One of the reasons why the popularity of crypto assets is growing all over the world — for both businesses and individuals — is the fact that many investors perceive it as a main or additional shield against inflation. Today, we would like to share our perspective on why people think so.    

Current Landscape

Rising inflation rates are a serious issue nowadays. Both the COVID-19 pandemic with its disruptions and the ongoing political turmoil contribute to it. As the New York Times reports, roughly 60% of what is called ‘developed countries’ – including the US and the Eurozone – are affected by it. It means that all these nations are facing annual inflation rates exceeding 5%. 

Quite unexpectedly, both individuals and companies are searching for a hedge against it. Some invest in gold, some opt for real estate, some prefer securities and shares. However, many have identified crypto as their shield of choice. 

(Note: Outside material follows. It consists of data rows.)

(* Assume (H1), (H2.1), (H2.4) and (H3.1). Then there exists a positive integer $N_{0}$ such that, for any $N\ge N_{0}$, the operator $I_{X^{+}}-\mathcal{L}_{N}^{+}\mathcal{F}_{s}V^{+}\colon X^{+}\to X^{+}$ is invertible and $$\|(I_{X^{+}}-\mathcal{L}_{N}^{+}\mathcal{F}_{s}V^{+})^{-1}\|_{X^{+}\leftarrow X^{+}}\le 2\|(I_{X^{+}}-\mathcal{F}_{s}V^{+})^{-1}\|_{X^{+}\leftarrow X^{+}}.$$ Moreover, for each $\phi\in\widehat{X}$, the equation $z=\mathcal{L}_{N}^{+}\mathcal{F}_{s}V(\phi,z)$ has a unique solution $w^{\ast}\in X^{+}$ and $$\|w^{\ast}-z^{\ast}\|_{X^{+}}\le 2\|(I_{X^{+}}-\mathcal{F}_{s}V^{+})^{-1}\|_{X^{+}\leftarrow X^{+}}\,\|\mathcal{L}_{N}^{+}z^{\ast}-z^{\ast}\|_{X^{+}},$$ where $z^{\ast}\in X^{+}$ is the unique solution of $z=\mathcal{F}_{s}V(\phi,z)$.
   Context: Let $d\ge 1$ be an integer and $\tau>0$, $h>0$ real. $X$, $X^{+}$, $X^{\pm}$ are real normed spaces of functions $[-\tau,0]\to\mathbb{R}^{d}$, $[0,h]\to\mathbb{R}^{d}$, $[-\tau,h]\to\mathbb{R}^{d}$, respectively. $V\colon X\times X^{+}\to X^{\pm}$ and $\mathcal{F}_{s}\colon X^{\pm}\to X^{+}$ are linear operators with $V(\phi,z)|_{[-\tau,0]}=\phi$; $V^{-}\phi:=V(\phi,0_{X^{+}})$, $V^{+}z:=V(0_{X},z)$, so $V(\phi,z)=V^{-}\phi+V^{+}z$. Let $\widetilde{X}^{+}$ be a linear subspace of $X^{+}$. For $N\in\mathbb{N}$, $X_{N}^{+}$ is a finite-dimensional space, $R_{N}^{+}\colon\widetilde{X}^{+}\to X_{N}^{+}$ and $P_{N}^{+}\colon X_{N}^{+}\to X^{+}$ are linear with $R_{N}^{+}P_{N}^{+}=I_{X_{N}^{+}}$, and $\mathcal{L}_{N}^{+}:=P_{N}^{+}R_{N}^{+}$. Hypotheses: (H1) $I_{X^{+}}-\mathcal{F}_{s}V^{+}\colon X^{+}\to X^{+}$ is invertible with bounded inverse, and for each $\phi\in X$ the equation $z=\mathcal{F}_{s}V(\phi,z)$ has a unique solution in $X^{+}$. There is a linear subspace $\widehat{X}^{+}\subseteq\widetilde{X}^{+}$ with a norm $\|\cdot\|_{\widehat{X}^{+}}$ making it complete such that: (H2.1) $\|(\mathcal{L}_{N}^{+}-I_{X^{+}})|_{\widehat{X}^{+}}\|_{X^{+}\leftarrow\widehat{X}^{+}}\to 0$ as $N\to+\infty$; (H2.4) the range of $\mathcal{F}_{s}V^{+}\colon X^{+}\to X^{+}$ is contained in $\widehat{X}^{+}$ and $\mathcal{F}_{s}V^{+}\colon X^{+}\to\widehat{X}^{+}$ is bounded. There is a linear subspace $\widehat{X}\subseteq X$ with a norm making it complete such that: (H3.1) the range of $\mathcal{F}_{s}V^{-}|_{\widehat{X}}$ is contained in $\widehat{X}^{+}$ and $\mathcal{F}_{s}V^{-}|_{\widehat{X}}\colon\widehat{X}\to\widehat{X}^{+}$ is bounded. *)

From HB Require Import structures.
From mathcomp Require Import all_boot all_order all_algebra.
From mathcomp Require Import all_classical all_reals all_analysis.
Set Implicit Arguments. Unset Strict Implicit. Unset Printing Implicit Defensive.
Import Order.TTheory GRing.Theory Num.Theory.
Import numFieldNormedType.Exports.
Local Open Scope classical_set_scope.
Local Open Scope ring_scope.

(* Operator norm  sup_{|x| <= 1} |f x|, valued in the extended reals
   (it is +oo exactly when f is unbounded on the unit ball). *)
Definition opnorm (R : realType) (U W : normedModType R) (f : U -> W) : \bar R :=
  ereal_sup [set (`|f x|)%:E | x in [set x : U | `|x| <= 1]].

This observation can be substantiated by the following figure: 40% of America’s crypto owners view their digital assets as ‘a hedge against inflation.’ The key motivator in this respect is the fear of ‘inflation in the US is running at 40-year highs.’ What makes people believe in the anti-inflationary potential of crypto? 

Why Is It So?

Coinbase stresses the following obvious reasons why one can rely on crypto in the race between BTC and ETH and inflation: 

  • First, in spite of the fact that crypto assets are influenced by national governments, they are not controlled by national governments. As a result, there is less space for direct manipulations

  • Second, the level of resilience to inflation is determined by the fact that we are dealing with limited supply. Bitcoin, unlike fiat currencies, is and will stay scarce by default

  • Third, Bitcoin is predictable in terms of ‘emission’, i.e. the ‘scheduled tapering of new supply over time’ 

Finally, one more thing one can stress is the lucrative stalking opportunities offering great returns on crypto assets held.